第7章
国舅府书房,蘅芜站在书桌前。
萧桓凛:“你的意思是说,不曾发现异常?”
蘅芜仔细想了想,异常的是主子才对,继而摇头,“不曾见不妥之处。”
萧桓凛气笑了,难不成他脑子不好使,枕边人都会认错,“你确定,自从夫人进府,你不曾离开过那院子?”
蘅芜细想,“昨日皇后来后,奴婢跟着主子去了前头,婢子听到祁嬷嬷说新娘礼未走完,不必拜见,便就走开那一会儿。回来之后,奴婢一直在屋里,直到主子回来。”
萧桓凛眯眼,圆房前后,他确定是一个人,“去,把侧门和后门的门房都叫来。”
“是。”
蘅芜到现在不知道发生了什么事,也不知道主子怀疑什么。
待到几个门房进来,萧桓凛一个一个问话,侧门的都不曾见新夫人的丫鬟出去,倒是回来两个,说是早上从后门出去,直到最后一个年纪大的,他说:“夫人身边的老嬷嬷带着三个丫鬟从后门出府,说是有要紧东西落在本家,要去取一下。”
“可有看清容貌?”萧桓凛问。
“有两个看清了,另有一个低着头,蒙着面,眼睛也不曾叫我看清,我想是夫人的要紧事,便就放了人。”
萧桓凛敲了敲桌子沉思,后门走了三个,侧门回来两个,呵!
门房问:“可是进了嫌疑人?偷了要紧东西?”
萧桓凛道:“没事了,问话之事不要叫任何人知晓。”
“是。”
待人走了,萧桓凛气笑了,闵家当真是好算计,居然算计到他头上来,想到昨晚的人,唤:“乙辰。”
“属下在。”
“去闵家,查查看闵家可有双生子。”
乙辰愣,“主子,这事儿查过了,闵家嫡女就一个。”
“叫你查嫡女别的都不查了吗?去看看闵家有无跟闵氏一模一样的人。”
“一模一样?”
“快去。”
“是。”
萧桓凛深吸一口气,眼下天色将暗下,后院那边来人,是闵淑慧的丫鬟,被拦在书房外。
“我家夫人问,晚饭时间到了,国舅爷可与我家小姐一同用晚膳。”
萧桓凛起身,他倒是要看看这闵家葫芦里卖的什么药。
到了正院,一桌子饭菜已准备妥当,闵淑慧忙迎出来,满面柔和,“夫君来了,我听闻夫君喜欢吃鱼羹,特叫后厨今日送来,正好也叫我尝尝夫君的口味。”
萧桓凛打量来人,很像,又不像,至少脾气秉性不同,面色如常,语气却十分淡漠:“你不叫后厨也会做这菜,夫人多此一举了。”
闵淑慧一愣,人已经去了膳厅坐下,坐下后便有几分小心了,听闻国舅爷不苟言笑,刻板严肃,今日看,确不好相允。挽起袖子,亲自给萧桓凛打了一勺汤。

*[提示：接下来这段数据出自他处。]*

(* Any term [t] of a T-automaton becomes a state: adjoin a fresh state with
   the output and the transitions of [t]. *)
Lemma term_as_state (A : Type) (B : Type) (interp : forall f : Op, ('I_(ar f) -> B) -> B)
    (X : Type) (om : X -> B) (tm : A -> X -> term ar X) (t : term ar X) :
  exists (om' : option X -> B) (tm' : A -> option X -> term ar (option X)),
    trace_state interp om' tm' None = trace_term interp om tm t.
Proof.
pose old (u : term ar X) : term ar (option X) := bind u (fun z => Var (Some z)).
pose om' z := if z is Some x then om x else eval interp om t.
pose tm' a z := if z is Some x then old (tm a x) else old (bind t (tm a)).
have old_trace w u : trace_term interp om' tm' (old u) w = trace_term interp om tm u w.
  elim: w u => [|a w IH] u /=; first by rewrite eval_bind.
  by rewrite bind_bind -IH /old bind_bind.
exists om', tm'; apply: functional_extensionality => -[|a w] //=.
exact: old_trace.
Qed.

End TermMonad.

Section ExpressionToAutomaton.
Variables (Op : Type) (ar : Op -> nat) (A : finType) (B0 : Type).
Local Notation rexp := (rexp ar A B0).

(* The type of occurrences depends on the expression, which must therefore
   stay an explicit argument of the functions defined by recursion on it. *)
Local Unset Implicit Arguments.

(* The occurrences of mu-subexpressions in [e]; they become the states of the
   automaton of [e] ([None] marks the mu-node itself). *)
Fixpoint mu_pos (e : rexp) : finType :=
  match e with
  | RVar _ => void
  | RMu _ d _ => option {a : A & mu_pos (d a)}
  | RApp f args => {i : 'I_(ar f) & mu_pos (args i)}
  end.

(* The closed expression at an occurrence: the mu-subexpression with its free
   variables bound by [rho] and by the enclosing mu-binders. *)
Fixpoint pos_expr (e : rexp) (rho : nat -> option rexp) : mu_pos e -> rexp :=
  match e as e0 return mu_pos e0 -> rexp with
  | RVar _ => fun s => match s with end
  | RMu n d beta => fun s =>
      if s is Some (existT a s') then
        pos_expr (d a) (env_upd rho n (Some (msubst rho (RMu n d beta)))) s'
      else msubst rho (RMu n d beta)
  | RApp f args => fun s => let: existT i s' := s in pos_expr (args i) rho s'
  end.

(* The term of the automaton denoting [e], with mu-occurrences named by the
   states [iota] and free variables denoted by the terms [env]. *)
Fixpoint init_term {Z : Type} (e : rexp) :
    (mu_pos e -> Z) -> (nat -> term ar Z) -> term ar Z :=
  match e as e0 return (mu_pos e0 -> Z) -> (nat -> term ar Z) -> term ar Z with
  | RVar n => fun _ env => env n
  | RMu _ _ _ => fun iota _ => Var (iota None)
  | RApp f args => fun iota env =>
      App f (fun i => init_term (args i) (fun s => iota (existT _ i s)) env)
  end.

(* The [a]-transition of an occurrence of [mu n.(... ⋔ b.d_b ⋔ ...)]: the
   term of [d_a], in which the variable [n] denotes the occurrence itself. *)
Fixpoint pos_trans {Z : Type} (e : rexp) :
    (mu_pos e -> Z) -> (nat -> term ar Z) -> A -> mu_pos e -> term ar Z :=
  match e as e0 return (mu_pos e0 -> Z) -> (nat -> term ar Z) -> A -> mu_pos e0 -> term ar Z with
  | RVar _ => fun _ _ _ s => match s with end
  | RMu n d _ => fun iota env a s =>
      let env' := env_upd env n (Var (iota None)) in
      if s is Some (existT b s') then
        pos_trans (d b) (fun s'' => iota (Some (existT _ b s''))) env' a s'
      else init_term (d a) (fun s'' => iota (Some (existT _ a s''))) env'
  | RApp f args => fun iota env a s =>
      let: existT i s' := s in
      pos_trans (args i) (fun s'' => iota (existT _ i s'')) env a s'
  end.

Fixpoint pos_beta (e : rexp) : mu_pos e -> term ar B0 :=
  match e as e0 return mu_pos e0 -> term ar B0 with
  | RVar _ => fun s => match s with end
  | RMu _ d beta => fun s => if s is Some (existT a s') then pos_beta (d a) s' else beta
  | RApp f args => fun s => let: existT i s' := s in pos_beta (args i) s'
  end.

Lemma rout_pos_expr (B : Type) (interp : forall f : Op, ('I_(ar f) -> B) -> B)
    (gen : B0 -> B) e rho s :
  rout interp gen (pos_expr e rho s) (eval interp gen (pos_beta e s)).
Proof.
elim: e rho s => [n|n d IH beta|f args IH] rho s /=.
- by case: s.
- by case: s => [[a s']|]; [exact: IH|exact: rout_mu].
- by case: s => i s'; exact: IH.
Qed.

Section Compatibility.
Variables (Z : Type) (R : Z -> rexp -> Prop).

Definition compatible (e : rexp) (rho : nat -> option rexp)
    (iota : mu_pos e -> Z) (env : nat -> term ar Z) : Prop :=
  [/\ closed_env rho, (forall m h, rho m = Some h -> cong R h (env m)),
      (forall m, occurs_free m e -> rho m <> None) &
      (forall s, R (iota s) (pos_expr e rho s))].

(* In the lemmas below the expression is determined by the hypotheses. *)
Local Set Implicit Arguments.

Lemma compatible_app f args rho iota env i :
  compatible (RApp f args) rho iota env ->
  compatible (args i) rho (fun s => iota (existT _ i s)) env.
Proof.
case=> Hrho Henv Hdom Hiota; split=> // m Hm.
by apply: Hdom => /=; apply/existsP; exists i.
Qed.

Lemma compatible_mu n d beta rho iota env b :
  compatible (RMu n d beta) rho iota env ->
  compatible (d b) (env_upd rho n (Some (msubst rho (RMu n d beta))))
    (fun s => iota (Some (existT _ b s))) (env_upd env n (Var (iota None))).
Proof.
case=> Hrho Henv Hdom Hiota; split => //.
- apply: (closed_env_set Hrho); apply: (msubst_closed Hrho) => m Hm.
  exact: Hdom.
- move=> m h; rewrite /env_upd; case: (m == n) => [[<-]|]; last exact: Henv.
  exact: cong_var (Hiota None).
- move=> m Hm; rewrite /env_upd; case: (eqVneq m n) => // Hmn.
  by apply: Hdom => /=; rewrite eq_sym Hmn /=; apply/existsP; exists b.
Qed.

Lemma cong_init_term e rho iota env :
  compatible e rho iota env -> cong R (msubst rho e) (init_term e iota env).
Proof.
elim: e rho iota env => [n|n d IH beta|f args IH] rho iota env Hcomp /=.
- case: Hcomp => _ Henv Hdom _; case En: (rho n) => [h|]; first exact: Henv.
  by case: (Hdom n) => //=.
- by case: Hcomp => _ _ _ /(_ None); exact: cong_var.
- by constructor => i; apply: IH; exact: compatible_app.
Qed.

Lemma cong_pos_trans e rho iota env a s :
  compatible e rho iota env ->
  cong R (rderiv a (pos_expr e rho s)) (pos_trans e iota env a s).
Proof.
elim: e rho iota env s => [n|n d IH beta|f args IH] rho iota env s Hcomp.
- by case: s.
- case: s => [[b s']|]; first exact/IH/compatible_mu.
  have [Hrho _ _ _] := Hcomp.
  rewrite [pos_expr _ _ _]/= rderiv_msubst_mu //.
  exact/cong_init_term/compatible_mu.
- by case: s => i s' /=; exact/IH/compatible_app.
Qed.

萧桓凛看一眼,“日日喝这汤,难免腻了,吩咐后厨,这菜以后别做了。”
蘅芜忙应:“是。”
一屋子人不知何意,不敢出声,闵淑慧不敢擅自做主了,也不敢擅自插话,安静拿起筷子吃饭。
萧桓凛胃口不好,吃的饭菜不多,早早放下筷子。
闵淑慧也放下,问:“夫君可要先梳洗,还是在院里先走走消食?”
萧桓凛擦了擦手,道:“梳洗吧。”
“好。”
“钱嬷嬷,赶紧去准备。”
“是,老奴这就去。”
萧桓凛打量所有人,起身,朝着卧房走去。
闵淑慧忙跟上。
眼下还有余晖,卧房还未点灯,萧桓凛看了看屋子,大红还在,不过床铺换了新,眼角余光角落有个箱子,名册上闵家人带了八个丫鬟,今日走了三个,回来只有两个,这就对不上,昨日要是进来九个,名册上就有九个,那还有一个怎么进来的?
看了看墙角的箱子,疑惑走过去,打开,是半箱衣服,关上。
闵淑慧问:“那是我的小衣,还未收进柜子,嬷嬷说,我这衣服带多了。”
萧桓凛寻了位置坐,道:“不够放便再叫管家置几个衣柜。”
“好。”
说着闵淑慧先去镜子前卸钗环。
萧桓凛眯眼,背影也差些,那人虽瘦弱,肩却是平直略宽,身子比这人板正,有朝气。
想确认一件事,便到闵淑慧身后,“我还未帮女子卸过钗环,我试试。”
闵淑慧受宠若惊,“这哪好麻烦国舅爷。”
“无妨,我们是夫妻。”
丫鬟退到一边,萧桓凛仔细观察此女子的头发,昨日那人头发没这么黑,不细看分辨不出来,虽此人也有剪过的痕迹,位置也不对。
昨日分明是喜婆胡乱剪的一小撮。
难怪喜婆表情奇怪,可是发现了不妥之处。
“嘶~,国舅爷。”闵淑慧按着疼的地方,笑着道:“不妨事。”
萧桓凛松了手,“今**自己睡,我书房还有些公务。”
闵淑慧忙起身:“多晚?我多晚都可以等国公爷。”说着垂眸,露出**之色。
萧桓凛打量来人,本以为乙辰出错,如今看来并非子虚乌有。
“不必,昨日伤了你身子,好生养着。”
“啊?.....是。”
“蘅芜。”
“主子有什么吩咐。”
“昨日婚仪结发在何处?”
“奴婢这就取来。”
新婚一般得放二人床下三日,以示扎根相守,福祸同栖。
闵淑慧问:“夫君要那东西做什么?”
那东西她本来剪了自己头发要重新绑过,奈何喜婆的绑法根本解不开,保险起见,便就还未动,自己那撮还在她的妆匣里。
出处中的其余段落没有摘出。